Fluorescence In Situ Hybridization (FISH)
This test detects copy number changes of the short arm of chromosome 1 (1p) and the long arm of chromosome 19 (19q) using fluorescence in situ hybridization (FISH) in formalin-fixed paraffin-embedded tissue specimens. FISH is performed using two separate hybridizations, each with two FISH probes. One hybridization employs a probe specific to 1p36 along with a control 1q25 probe. The other employs a probe specific to 19q13 with a control 19p13 probe. The presence or absence of a deletion is determined by the signal ratio of each respective probe pair. 1p/19q co-deletion occurs in 44-69% of classic oligodendrogliomas and 21-33% of mixed oligoastrocytomas. This alteration is relatively infrequent in pure astrocytomas (6-8%) and can therefore be useful in the classification of gliomas. In addition, 1p/19q co-deletion is associated with more favorable prognosis and response to specific chemotherapeutic and radiotherapeutic regimens - particularly in anaplastic oligodendroglioma or oligoastrocytoma.

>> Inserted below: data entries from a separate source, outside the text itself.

Lemma vnorm_preact_sub_le (v w : fld) k :
  vnorm (fsub (preact K lam Mt F ag aw G W dt v) (preact K lam Mt F ag aw G W dt w) k)
  <= expR (om * dt) * vnorm (fsub v w k)
     + dt * phi1R (om * dt) * ag * M * vnorm (fsub (G v) (G w) k)
     + aw * vnorm (fsub (W v) (W w) k).
Proof.
rewrite /fsub /preact opprD addrACA -scalerBr.
apply: le_trans (vnormD _ _) _; rewrite lerD ?vnormZ_le //.
have [Kk|nKk] := pselect (K k); last first.
  rewrite /etd asboolF // subrr vnorm0.
  by rewrite addr_ge0 // mulr_ge0 ?vnorm_ge0 ?expR_ge0 // !mulr_ge0 ?phi1R_ge0 // ltW.
rewrite etd_sub //; apply: le_trans (vnormD _ _) _.
by rewrite lerD ?vnorm_cexp_col_le ?vnorm_forcing_le.
Qed.

Variables (Rad Lg Lw : R).
Hypotheses (Lg0 : 0 <= Lg) (Lw0 : 0 <= Lw)
  (G_lip : l2_lipschitz_on (ballR Rad) G Lg) (W_lip : l2_lipschitz_on (ballR Rad) W Lw).

Lemma preact_lipschitz (v w : fld) : ballR Rad v -> ballR Rad w ->
  (l2norm (fsub (preact K lam Mt F ag aw G W dt v) (preact K lam Mt F ag aw G W dt w))
   <= (expR (om * dt) + dt * phi1R (om * dt) * ag * M * Lg + aw * Lw)%:E
      * l2norm (fsub v w))%E.
Proof.
move=> bv bw; set b := dt * phi1R (om * dt) * ag * M.
have b0 : 0 <= b by rewrite !mulr_ge0 ?phi1R_ge0 // ltW.
apply: le_trans (esqrt_esum_le_combination (expR_ge0 _) b0 aw0 _ _ _ _
  (vnorm_preact_sub_le v w)) _; try by move=> k; exact: vnorm2_ge0.
have N0 : (0 <= l2norm (fsub v w))%E by exact: esqrt_ge0.
have bLg0 : 0 <= b * Lg := mulr_ge0 b0 Lg0.
have awLw0 : 0 <= aw * Lw := mulr_ge0 aw0 Lw0.
rewrite !EFinD !ge0_muleDl ?lee_fin ?addr_ge0 ?expR_ge0 //.
apply: leeD; first apply: leeD => //.
  by rewrite (EFinM b) -muleA lee_wpmul2l ?lee_fin ?G_lip.
by rewrite (EFinM aw) -muleA lee_wpmul2l ?lee_fin ?W_lip.
Qed.

Variables (sig : fld -> fld) (Ls : R).
Hypotheses (Ls0 : 0 <= Ls)
  (sig_lip : l2_lipschitz_on (preact_range K lam Mt F ag aw G W Rad) sig Ls).

Lemma Psi_lipschitz (v w : fld) : ballR Rad v -> ballR Rad w ->
  (l2norm (fsub (Psi K lam Mt F ag aw G W sig dt v) (Psi K lam Mt F ag aw G W sig dt w))
   <= (qfac Ls Lg Lw M ag aw om dt)%:E * l2norm (fsub v w))%E.
Proof.
move=> bv bw; have in_range (u : fld) : ballR Rad u ->
    preact_range K lam Mt F ag aw G W Rad (preact K lam Mt F ag aw G W dt u).
  by move=> bu; exists dt, u.
apply: le_trans (sig_lip (in_range v bv) (in_range w bw)) _.
by rewrite /qfac EFinM -muleA lee_wpmul2l ?lee_fin // preact_lipschitz.
Qed.

End Block.

Section ContractionFactor.
Variables (R : realType) (Ls Lg Lw M ag aw om dt : R).

Lemma qfac_ge0 : 0 <= Ls -> 0 <= Lg -> 0 <= Lw -> 0 <= M -> 0 <= ag -> 0 <= aw ->
  0 <= dt -> 0 <= qfac Ls Lg Lw M ag aw om dt.
Proof. by move=> *; rewrite mulr_ge0 // !addr_ge0 ?expR_ge0 // !mulr_ge0 ?phi1R_ge0. Qed.

Lemma qfacB_ag ag' : qfac Ls Lg Lw M ag aw om dt - qfac Ls Lg Lw M ag' aw om dt =
  Ls * dt * phi1R (om * dt) * M * Lg * (ag - ag').
Proof. by rewrite /qfac; ring. Qed.

Lemma qfacB_aw aw' : qfac Ls Lg Lw M ag aw om dt - qfac Ls Lg Lw M ag aw' om dt =
  Ls * Lw * (aw - aw').
Proof. by rewrite /qfac; ring. Qed.

End ContractionFactor.

Theorem corollary5p5 (R : realType) (d nC : nat)
  (K : set (wavevec d))
  (lam : wavevec d -> 'I_nC -> R[i])
  (Mt : wavevec d -> 'M[R[i]]_nC)
  (F : wavevec d -> R)
  (ag aw : R)
  (G W sig : field R d nC -> field R d nC)
  (om Rad Ls Lg Lw M : R) :
  (1 <= d <= 3)%N -> (1 <= nC)%N ->
  (forall k, K k -> 0 <= F k <= 1) ->
  0 <= ag -> 0 <= aw ->
  (* (1) spectral bound *)
  om <= 0 ->
  (forall k c, K k -> complex.Re (lam k c) <= om) ->
  (* (2) Lipschitz bounds *)
  0 < Rad ->
  0 <= Ls -> 0 <= Lg -> 0 <= Lw -> 0 <= M ->
  l2_lipschitz_on (ballR Rad) G Lg ->
  l2_lipschitz_on (ballR Rad) W Lw ->
  l2_lipschitz_on (preact_range K lam Mt F ag aw G W Rad) sig Ls ->
  (forall k, K k -> specnorm_le (Mt k) M) ->
  (* (a) nonexpansiveness *)
  (forall dt, 0 < dt -> qfac Ls Lg Lw M ag aw om dt <= 1 ->
     forall v w, ballR Rad v -> ballR Rad w ->
     (l2norm (fsub (Psi K lam Mt F ag aw G W sig dt v)
                   (Psi K lam Mt F ag aw G W sig dt w))
        <= l2norm (fsub v w))%E)
  /\
  (* (b) L-fold composition *)
  (forall (Dt : R) (L : nat), 0 < Dt -> (1 <= L)%N ->
     let dt := Dt / L%:R in
     let Ps := Psi K lam Mt F ag aw G W sig dt in
     forall v w,
       (forall j, (j < L)%N -> ballR Rad (iter j Ps v) /\ ballR Rad (iter j Ps w)) ->
       (l2norm (fsub (iter L Ps v) (iter L Ps w))
          <= ((qfac Ls Lg Lw M ag aw om dt) ^+ L)%:E * l2norm (fsub v w))%E)
  /\
  (* (c) monotonicity of q in alpha_g and alpha_w *)
  (forall dt, 0 < dt ->
     (forall ag', ag' <= ag ->
        qfac Ls Lg Lw M ag' aw om dt <= qfac Ls Lg Lw M ag aw om dt /\
        (ag' < ag -> 0 < Ls * dt * phi1R (om * dt) * M * Lg ->
           qfac Ls Lg Lw M ag' aw om dt < qfac Ls Lg Lw M ag aw om dt))
     /\
     (forall aw', aw' <= aw ->
        qfac Ls Lg Lw M ag aw' om dt <= qfac Ls Lg Lw M ag aw om dt /\
        (aw' < aw -> 0 < Ls * Lw ->
           qfac Ls Lg Lw M ag aw' om dt < qfac Ls Lg Lw M ag aw om dt))).
Proof.
move=> _ _ F01 ag0 aw0 om0 lam_om _ Ls0 Lg0 Lw0 M0 G_lip W_lip sig_lip Mt_M.
have Psi_lip (dt : R) (dt0 : 0 < dt) := Psi_lipschitz F01 ag0 aw0 lam_om om0 M0 Mt_M dt0
  Lg0 Lw0 G_lip W_lip Ls0 sig_lip.
split; [|split].
- move=> dt dt0 q1 v w bv bw; apply: le_trans (Psi_lip _ dt0 _ _ bv bw) _.
  by rewrite -[leRHS]mul1e lee_wpmul2r ?esqrt_ge0 ?lee_fin.
- move=> Dt L Dt0 L1 dt Ps v w; have dt0 : 0 < dt by rewrite divr_gt0 // ltr0n.
  by apply: iter_lipschitz_on (Psi_lip _ dt0); rewrite qfac_ge0 // ltW.
- move=> dt dt0; have c_ag : 0 <= Ls * dt * phi1R (om * dt) * M * Lg.
    by rewrite !mulr_ge0 ?phi1R_ge0 // ltW.
  split=> [ag' ag'_le | aw' aw'_le]; rewrite -subr_ge0.
  + rewrite qfacB_ag mulr_ge0 ?subr_ge0 //; split=> // lt_ag c_gt0.
    by rewrite -subr_gt0 qfacB_ag mulr_gt0 ?subr_gt0.
  + rewrite qfacB_aw !mulr_ge0 ?subr_ge0 //; split=> // lt_aw c_gt0.
    by rewrite -subr_gt0 qfacB_aw mulr_gt0 ?subr_gt0.
Qed.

Interpretive report provided
3 - 10 days
- FISH for 1p19q Deletion in Gliomas
A formalin-fixed, paraffin-embedded tissue block containing sufficient neoplastic cells is preferred. Unstained slides (3, 4-micron slides) with associated H&E stained slide are also acceptable. Decalcified tissue or other fixatives will be accepted and the assay attempted, however these may result in failed testing due to degraded nucleic acid. Both blocks and slides should be stored at room temperature.

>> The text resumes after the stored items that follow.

Lemma bounded_measurableM f g :
  bounded_measurable f -> bounded_measurable g -> bounded_measurable (f \* g).
Proof.
move=> [mf [M fM]] [mg [K gK]]; split; first exact: measurable_funM.
by exists (M * K) => x; rewrite normrM ler_pM.
Qed.

Lemma bounded_measurableZ (c : R) f : bounded_measurable f -> bounded_measurable (c \*o f).
Proof. by move=> bf; exact: (bounded_measurableM (bounded_measurable_cst c) bf). Qed.

Lemma bounded_measurable_indic (A : set T) : measurable A -> bounded_measurable (\1_A : T -> R).
Proof.
move=> mA; split; first exact: measurable_indic.
by exists 1 => x; rewrite indicE; case: (x \in A); rewrite ?normr1 ?normr0.
Qed.

Lemma bounded_measurable_comp {d'} {T' : measurableType d'} (g : T' -> R) (X : T -> T') :
  bounded_measurable g -> measurable_fun setT X -> bounded_measurable (g \o X).
Proof. by move=> [mg [M gM]] mX; split; [exact: measurableT_comp | exists M => x; exact: gM]. Qed.

Lemma bounded_measurable_integrable (mu : {measure set T -> \bar R}) f :
  (mu setT < +oo)%E -> bounded_measurable f -> mu.-integrable setT (EFin \o f).
Proof.
move=> muT [mf [M fM]]; apply: (measurable_bounded_integrable measurableT) => //.
exists M; split; first exact: num_real.
by move=> x Mx y _; apply: le_trans (fM y) (ltW Mx).
Qed.

Lemma probability_setT_lty (P : probability T R) : (P setT < +oo)%E.
Proof. by rewrite probability_setT ltry. Qed.

Lemma bounded_measurable_integrable_prob (P : probability T R) f :
  bounded_measurable f -> P.-integrable setT (EFin \o f).
Proof. exact/bounded_measurable_integrable/probability_setT_lty. Qed.

Lemma bounded_measurable_integral_fin_num (P : probability T R) f :
  bounded_measurable f -> (\int[P]_x (f x)%:E)%E \is a fin_num.
Proof.
by move=> bf; apply: integrable_fin_num => //; exact: bounded_measurable_integrable_prob.
Qed.

End bounded_measurable.

Section mean.
Context {d : measure_display} {T : measurableType d} {R : realType}.
Variable P : probability T R.

Definition mean (f : T -> R) : R := fine 'E_P[f]%E.

Lemma meanE f : bounded_measurable f -> 'E_P[f]%E = (mean f)%:E.
Proof.
by move=> bf; rewrite /mean unlock fineK //; exact: bounded_measurable_integral_fin_num.
Qed.

Lemma eq_mean f g : f =1 g -> mean f = mean g.
Proof. by move=> /funext ->. Qed.

Lemma mean_cst c : mean (cst c) = c.
Proof. by rewrite /mean expectation_cst. Qed.

Lemma mean_indic (A : set T) : measurable A -> mean (\1_A) = fine (P A).
Proof. by move=> mA; rewrite /mean expectation_indic. Qed.

Lemma meanD f g : bounded_measurable f -> bounded_measurable g ->
  mean (f \+ g) = mean f + mean g.
Proof.
move=> bf bg; apply: EFin_inj; rewrite EFinD -!meanE //; last exact: bounded_measurableD.
rewrite unlock -integralD //; exact: bounded_measurable_integrable_prob.
Qed.

Lemma meanZ c f : bounded_measurable f -> mean (c \*o f) = c * mean f.
Proof.
move=> bf; apply: EFin_inj; rewrite EFinM -!meanE //; last exact: bounded_measurableZ.
rewrite unlock -integralZl //; exact: bounded_measurable_integrable_prob.
Qed.

Lemma meanN f : bounded_measurable f -> mean (\- f) = - mean f.
Proof.
move=> bf; rewrite -mulN1r -meanZ //; apply: eq_mean => x /=; by rewrite mulN1r.
Qed.

Lemma meanB f g : bounded_measurable f -> bounded_measurable g ->
  mean (f \- g) = mean f - mean g.
Proof. by move=> bf bg; rewrite meanD ?meanN //; exact: bounded_measurableN. Qed.

Lemma ler_mean f g : bounded_measurable f -> bounded_measurable g ->
  (forall x, f x <= g x) -> mean f <= mean g.
Proof.
move=> bf bg fg; rewrite -lee_fin -!meanE // unlock.
apply: le_integral => //; try exact: bounded_measurable_integrable_prob.
by move=> x _; rewrite lee_fin.
Qed.

Lemma mean_ge0 f : bounded_measurable f -> (forall x, 0 <= f x) -> 0 <= mean f.
Proof.
by move=> bf f0; rewrite -(mean_cst 0); apply: ler_mean => //; exact: bounded_measurable_cst.
Qed.

Lemma variance_mean f : bounded_measurable f ->
  'V_P[f]%E = (mean (fun x => f x ^+ 2) - mean f ^+ 2)%:E.
Proof.
move=> bf; rewrite /variance unlock -/(mean f).
have bf2 : bounded_measurable (fun x => f x ^+ 2) by exact: bounded_measurableM.
have -> : (f \- cst (mean f)) * (f \- cst (mean f)) =
    (fun x => f x ^+ 2) \+ (- (2 * mean f)) \*o f \+ cst (mean f ^+ 2).
  by apply/funext => x; rewrite !fctE /=; ring.
have bZ := bounded_measurableZ (- (2 * mean f)) bf.
rewrite meanE; last by do 2?apply: bounded_measurableD => //; exact: bounded_measurable_cst.
rewrite !meanD //; [|exact: bounded_measurableD|exact: bounded_measurable_cst].
by rewrite meanZ // mean_cst; congr EFin; ring.
Qed.

End mean.

(** * Laws of pairs of random variables *)

Section image_measure.
Local Open Scope ereal_scope.
Context {d1 d2 : measure_display} {T1 : measurableType d1} {T2 : measurableType d2}.
Context {R : realType}.
Variables (m : {measure set T1 -> \bar R}) (f : T1 -> T2).
Variable mf : measurable_fun setT f.

(* The measurability proof is an argument so that the measure instance below
   is found by unification. *)
Definition image_measure of measurable_fun setT f := pushforward m f.

Let image_measure0 : image_measure mf set0 = 0.
Proof. exact: measure0. Qed.

Let image_measure_ge0 A : 0 <= image_measure mf A.
Proof. exact: measure_ge0. Qed.

Let image_measure_sigma_additive : semi_sigma_additive (image_measure mf).
Proof. exact: measure_semi_sigma_additive. Qed.

HB.instance Definition _ := isMeasure.Build _ _ _ (image_measure mf)
  image_measure0 image_measure_ge0 image_measure_sigma_additive.

End image_measure.

Section pair_laws.
Context {d : measure_display} {T : measurableType d} {R : realType}.
Local Open Scope ereal_scope.

Lemma pair_preimage_measure_unique (m1 m2 : {measure set T -> \bar R})
    (U1 V1 U2 V2 : T -> R) :
  measurable_fun setT U1 -> measurable_fun setT V1 ->
  measurable_fun setT U2 -> measurable_fun setT V2 -> m1 setT < +oo ->
  (forall A B, measurable A -> measurable B ->
    m1 (U1 @^-1` A `&` V1 @^-1` B) = m2 (U2 @^-1` A `&` V2 @^-1` B)) ->
  forall E, measurable E ->
    m1 ((fun w => (U1 w, V1 w)) @^-1` E) = m2 ((fun w => (U2 w, V2 w)) @^-1` E).
Proof.
move=> mU1 mV1 mU2 mV2 m1oo m12 E mE.
pose G := [set A `*` B | A in @measurable _ R & B in @measurable _ R].
have setIG : setI_closed G.
  move=> _ _ [A mA [B mB <-]] [A' mA' [B' mB' <-]]; rewrite -setXI.
  by exists (A `&` A'); [exact: measurableI|exists (B `&` B') => //; exact: measurableI].
have GT : G setT by exists setT => //; exists setT; rewrite ?setXTT.
apply: (@measure_unique _ R _ G (fun=> setT) (measurable_prod_measurableType _ _)
  setIG (fun=> GT) (bigcup_const _ (ex_intro _ 0%N I))
  (image_measure m1 (measurable_fun_pair mU1 mV1))
  (image_measure m2 (measurable_fun_pair mU2 mV2)) _ (fun=> m1oo) _ mE).
by move=> _ [A mA [B mB <-]]; exact: m12.
Qed.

By ordering this test the clinician acknowledges that informed consent has been obtained from the patient as required by applicable state or federal laws and the ordering clinician has authorization from the patient permitting MLabs to report the test results to the ordering clinician. Test includes pathologist interpretation of results billed as a separate additional charge. This test is not available without interpretation.